In best-effort packet switching and other statistical multiplexing, round-robin scheduling can be used as an alternative to first-come first-served queuing.

A multiplexer, switch, or router that provides round-robin scheduling has a separate queue for every data flow, where a data flow may be identified by its source and destination address. The algorithm allows every active data flow that has data packets in the queue to take turns in transferring packets on a shared channel in a periodically repeated order. The scheduling is work-conserving, meaning that if one flow is out of packets, the next data flow will take its place. Hence, the scheduling tries to prevent link resources from going unused.

Round-robin scheduling results in max-min fairness if the data packets are equally sized, since the data flow that has waited the longest time is given scheduling priority. It may not be desirable if the size of the data packets varies widely from one job to another. A user that produces large packets would be favored over other users. In that case fair queuing would be preferable.

If guaranteed or differentiated quality of service is offered, and not only best-effort communication, deficit round-robin (DRR) scheduling, weighted round-robin (WRR) scheduling, or weighted fair queuing (WFQ) may be considered.

In multiple-access networks, where several terminals are connected to a shared physical medium, round-robin scheduling may be provided by token passing channel access schemes such as Token Ring, or by polling or resource reservation from a central control station.

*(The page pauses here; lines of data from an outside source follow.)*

Variables a b c : rseq.
Hypotheses (Ha : in_linf a) (Hb : in_linf b) (Hc : in_linf c).

Definition psum_a (x : rseq) : rseq := psum (fun i => x i * a i).

Definition psum_ab (x y : rseq) : rseq :=
  psum (fun j => b j * (y j * psum_a x j + x j * psum_a y j)).

Definition Aterm (x y u : rseq) (k : nat) : R :=
  u k * (c k * psum_ab x y k) + y k * (c k * psum_ab x u k) + x k * (c k * psum_ab y u k).

Definition Aform (x y u : rseq) : R := Series (Aterm x y u).

Lemma psum_ab_comm x y : psum_ab x y = psum_ab y x.
Proof. apply functional_extensionality; intros k. apply psum_ext; intros; ring. Qed.

Lemma Aterm_swap12 x y u : Aterm x y u = Aterm y x u.
Proof.
  apply functional_extensionality; intros k. unfold Aterm.
  rewrite (psum_ab_comm x y), (psum_ab_comm x u), (psum_ab_comm y u). ring.
Qed.

Lemma Aterm_swap23 x y u : Aterm x y u = Aterm x u y.
Proof.
  apply functional_extensionality; intros k. unfold Aterm.
  rewrite (psum_ab_comm y u). ring.
Qed.

Lemma psum_a_plus x x' j : psum_a (fun n => x n + x' n) j = psum_a x j + psum_a x' j.
Proof. unfold psum_a. rewrite <- psum_plus. apply psum_ext; intros; ring. Qed.

Lemma psum_a_scal t x j : psum_a (fun n => t * x n) j = t * psum_a x j.
Proof. unfold psum_a. rewrite <- psum_scal. apply psum_ext; intros; ring. Qed.

Lemma psum_ab_plus x x' y k :
  psum_ab (fun n => x n + x' n) y k = psum_ab x y k + psum_ab x' y k.
Proof.
  unfold psum_ab. rewrite <- psum_plus. apply psum_ext; intros. rewrite psum_a_plus. ring.
Qed.

Lemma psum_ab_scal t x y k : psum_ab (fun n => t * x n) y k = t * psum_ab x y k.
Proof.
  unfold psum_ab. rewrite <- psum_scal. apply psum_ext; intros. rewrite psum_a_scal. ring.
Qed.

Lemma Aterm_plus x x' y u k :
  Aterm (fun n => x n + x' n) y u k = Aterm x y u k + Aterm x' y u k.
Proof. unfold Aterm. rewrite !psum_ab_plus. ring. Qed.

Lemma Aterm_scal t x y u k : Aterm (fun n => t * x n) y u k = t * Aterm x y u k.
Proof. unfold Aterm. rewrite !psum_ab_scal. ring. Qed.

Lemma psum_a_lim x : in_l1 x -> is_lim_seq (psum_a x) (pairing x a).
Proof. intros Hx. exact (psum_lim _ (pairing_ex x a Hx Ha)). Qed.

Lemma psum_a_linf x : in_l1 x -> in_linf (psum_a x).
Proof. intros Hx. exact (is_lim_seq_linf _ _ (psum_a_lim x Hx)). Qed.

Lemma psum_ab_split x y k :
  psum_ab x y k =
  psum (fun j => y j * (b j * psum_a x j)) k + psum (fun j => x j * (b j * psum_a y j)) k.
Proof. unfold psum_ab. rewrite <- psum_plus. apply psum_ext; intros; ring. Qed.

Lemma psum_ab_linf x y : in_l1 x -> in_l1 y -> in_linf (psum_ab x y).
Proof.
  intros Hx Hy.
  replace (psum_ab x y) with (fun k => psum (fun j => y j * (b j * psum_a x j)) k
                                       + psum (fun j => x j * (b j * psum_a y j)) k)
    by (apply functional_extensionality; intros; symmetry; apply psum_ab_split).
  apply linf_plus; apply psum_linf, l1_mul_linf; auto using linf_mul, psum_a_linf.
Qed.

Lemma Aterm_ex x y u : in_l1 x -> in_l1 y -> in_l1 u -> ex_series (Aterm x y u).
Proof.
  intros Hx Hy Hu. apply l1_ex. unfold Aterm.
  repeat apply l1_plus; apply l1_mul_linf; auto using linf_mul, psum_ab_linf.
Qed.

Lemma Aform_plus x x' y u : in_l1 x -> in_l1 x' -> in_l1 y -> in_l1 u ->
  Aform (fun n => x n + x' n) y u = Aform x y u + Aform x' y u.
Proof.
  intros. unfold Aform. rewrite <- Series_plus by now apply Aterm_ex.
  apply Series_ext, Aterm_plus.
Qed.

Lemma Aform_scal t x y u : Aform (fun n => t * x n) y u = t * Aform x y u.
Proof. unfold Aform. rewrite <- Series_scal_l. apply Series_ext, Aterm_scal. Qed.

Lemma psum_a_bounded : exists C, forall x j, in_l1 x -> Rabs (psum_a x j) <= C * l1norm x.
Proof. destruct Ha as [Ma HMa]. exists Ma. intros x j Hx. now apply psum_mul_bound. Qed.

Lemma psum_ab_bounded : exists C, forall x y k, in_l1 x -> in_l1 y ->
  Rabs (psum_ab x y k) <= C * l1norm x * l1norm y.
Proof.
  destruct psum_a_bounded as [C HC], Hb as [Mb HMb].
  exists (2 * (Mb * C)). intros x y k Hx Hy. rewrite psum_ab_split.
  eapply Rle_trans; [apply Rabs_triang |].
  pose proof (psum_mul_bound y _ (Mb * (C * l1norm x)) k Hy
                (fun j => Rabs_mult_le _ _ _ _ (HMb j) (HC x j Hx))).
  pose proof (psum_mul_bound x _ (Mb * (C * l1norm y)) k Hx
                (fun j => Rabs_mult_le _ _ _ _ (HMb j) (HC y j Hy))).
  lra.
Qed.

Lemma Aform_swap12 x y u : Aform x y u = Aform y x u.
Proof. unfold Aform. now rewrite Aterm_swap12. Qed.

Lemma Aform_swap23 x y u : Aform x y u = Aform x u y.
Proof. unfold Aform. now rewrite Aterm_swap23. Qed.

Lemma Aform_pairings x y u : in_l1 x -> in_l1 y -> in_l1 u ->
  Aform x y u = pairing u (fun k => c k * psum_ab x y k)
                + pairing y (fun k => c k * psum_ab x u k)
                + pairing x (fun k => c k * psum_ab y u k).
Proof.
  intros Hx Hy Hu. unfold Aform, pairing.
  assert (Hex : forall v w p, in_l1 v -> in_l1 w -> in_l1 p ->
            ex_series (fun k => p k * (c k * psum_ab v w k))).
  { intros; apply pairing_ex; auto using linf_mul, psum_ab_linf. }
  rewrite <- !Series_plus by auto using ex_series_plus.
  apply Series_ext; intros k. unfold Aterm; ring.
Qed.

Lemma Aform_bounded : exists C, forall x y u, in_l1 x -> in_l1 y -> in_l1 u ->
  Rabs (Aform x y u) <= C * l1norm x * l1norm y * l1norm u.
Proof.
  destruct psum_ab_bounded as [C HC], Hc as [Mc HMc].
  exists (3 * (Mc * C)). intros x y u Hx Hy Hu. rewrite Aform_pairings by auto.
  assert (Hcb : forall v w, in_l1 v -> in_l1 w -> forall k,
            Rabs (c k * psum_ab v w k) <= Mc * (C * l1norm v * l1norm w)).
  { intros v w Hv Hw k. exact (Rabs_mult_le _ _ _ _ (HMc k) (HC v w k Hv Hw)). }
  pose proof (pairing_bound u _ _ Hu (Hcb x y Hx Hy)).
  pose proof (pairing_bound y _ _ Hy (Hcb x u Hx Hu)).
  pose proof (pairing_bound x _ _ Hx (Hcb y u Hy Hu)).
  eapply Rle_trans; [apply Rabs_triang |].
  eapply Rle_trans; [apply Rplus_le_compat_r, Rabs_triang |].
  lra.
Qed.

Definition rep_ab (x : rseq) (k : nat) : R :=
  b k * psum_a x k + a k * tail (fun j => x j * b j) k.

Definition transpose_ab (p x : rseq) (k : nat) : R :=
  b k * psum_a x k * tail p k + a k * tail (fun j => x j * b j * tail p j) k.

Definition rep_abc (x y : rseq) (k : nat) : R :=
  c k * psum_ab x y k + transpose_ab (fun j => y j * c j) x k
  + transpose_ab (fun j => x j * c j) y k.

Lemma pairing_psum_a p u : in_l1 p -> in_l1 u ->
  pairing p (psum_a u) = pairing u (fun i => a i * tail p i).
Proof.
  intros Hp Hu. unfold psum_a. rewrite pairing_psum_tail by auto using l1_mul_linf.
  unfold pairing. apply Series_ext; intros; ring.
Qed.

Lemma psum_ab_lim x y : in_l1 x -> in_l1 y -> is_lim_seq (psum_ab x y) (pairing y (rep_ab x)).
Proof.
  intros Hx Hy.
  assert (Hxb : in_l1 (fun j => x j * b j)) by now apply l1_mul_linf.
  assert (Hlim2 : is_lim_seq (psum (fun j => x j * (b j * psum_a y j)))
                    (pairing y (fun k => a k * tail (fun j => x j * b j) k))).
  { rewrite <- pairing_psum_a by auto. unfold pairing.
    rewrite (Series_ext _ (fun j => x j * (b j * psum_a y j))) by (intros; ring).
    apply psum_lim, pairing_ex; auto using linf_mul, psum_a_linf. }
  unfold rep_ab. rewrite pairing_plus_r by auto using linf_mul, psum_a_linf, tail_linf.
  apply is_lim_seq_ext with (fun k => psum (fun j => y j * (b j * psum_a x j)) k
                                      + psum (fun j => x j * (b j * psum_a y j)) k).
  { intros; symmetry; apply psum_ab_split. }
  apply is_lim_seq_plus'; [| exact Hlim2].
  apply psum_lim, pairing_ex; auto using linf_mul, psum_a_linf.
Qed.

Lemma psum_ab_transpose p x u : in_l1 p -> in_l1 x -> in_l1 u ->
  pairing p (psum_ab x u) = pairing u (transpose_ab p x).
Proof.
  intros Hp Hx Hu.
  assert (Hq1 : in_l1 (fun j => u j * (b j * psum_a x j)))
    by auto using l1_mul_linf, linf_mul, psum_a_linf.
  assert (Hq2 : in_l1 (fun j => x j * (b j * psum_a u j)))
    by auto using l1_mul_linf, linf_mul, psum_a_linf.
  assert (Hxbp : in_l1 (fun j => x j * b j * tail p j)) by auto using l1_mul_linf, tail_linf.
  replace (psum_ab x u) with (fun k => psum (fun j => u j * (b j * psum_a x j)) k
                                 + psum (fun j => x j * (b j * psum_a u j)) k)
    by (apply functional_extensionality; intros; symmetry; apply psum_ab_split).
  rewrite pairing_plus_r, !pairing_psum_tail by auto using psum_linf.
  replace (pairing (fun j => x j * (b j * psum_a u j)) (tail p))
    with (pairing (fun j => x j * b j * tail p j) (psum_a u))
    by (unfold pairing; apply Series_ext; intros; ring).
  rewrite pairing_psum_a by auto.
  unfold transpose_ab. rewrite pairing_plus_r by auto using linf_mul, psum_a_linf, tail_linf.
  f_equal. unfold pairing. apply Series_ext; intros; ring.
Qed.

In a centralized wireless packet radio network, where many stations share one frequency channel, a scheduling algorithm in a central base station may reserve time slots for the mobile stations in a round-robin fashion and provide fairness. However, if link adaptation is used, it will take a much longer time to transmit a certain amount of data to "expensive" users than to others since the channel conditions differ. It would be more efficient to wait with the transmission until the channel conditions are improved, or at least to give scheduling priority to less expensive users. Round-robin scheduling does not utilize this. Higher throughput and system spectrum efficiency may be achieved by channel-dependent scheduling, for example a proportionally fair algorithm, or maximum throughput scheduling. Note that the latter is characterized by undesirable scheduling starvation. This type of scheduling is one of the very basic algorithms for Operating Systems in computers which can be implemented through a circular queue data structure.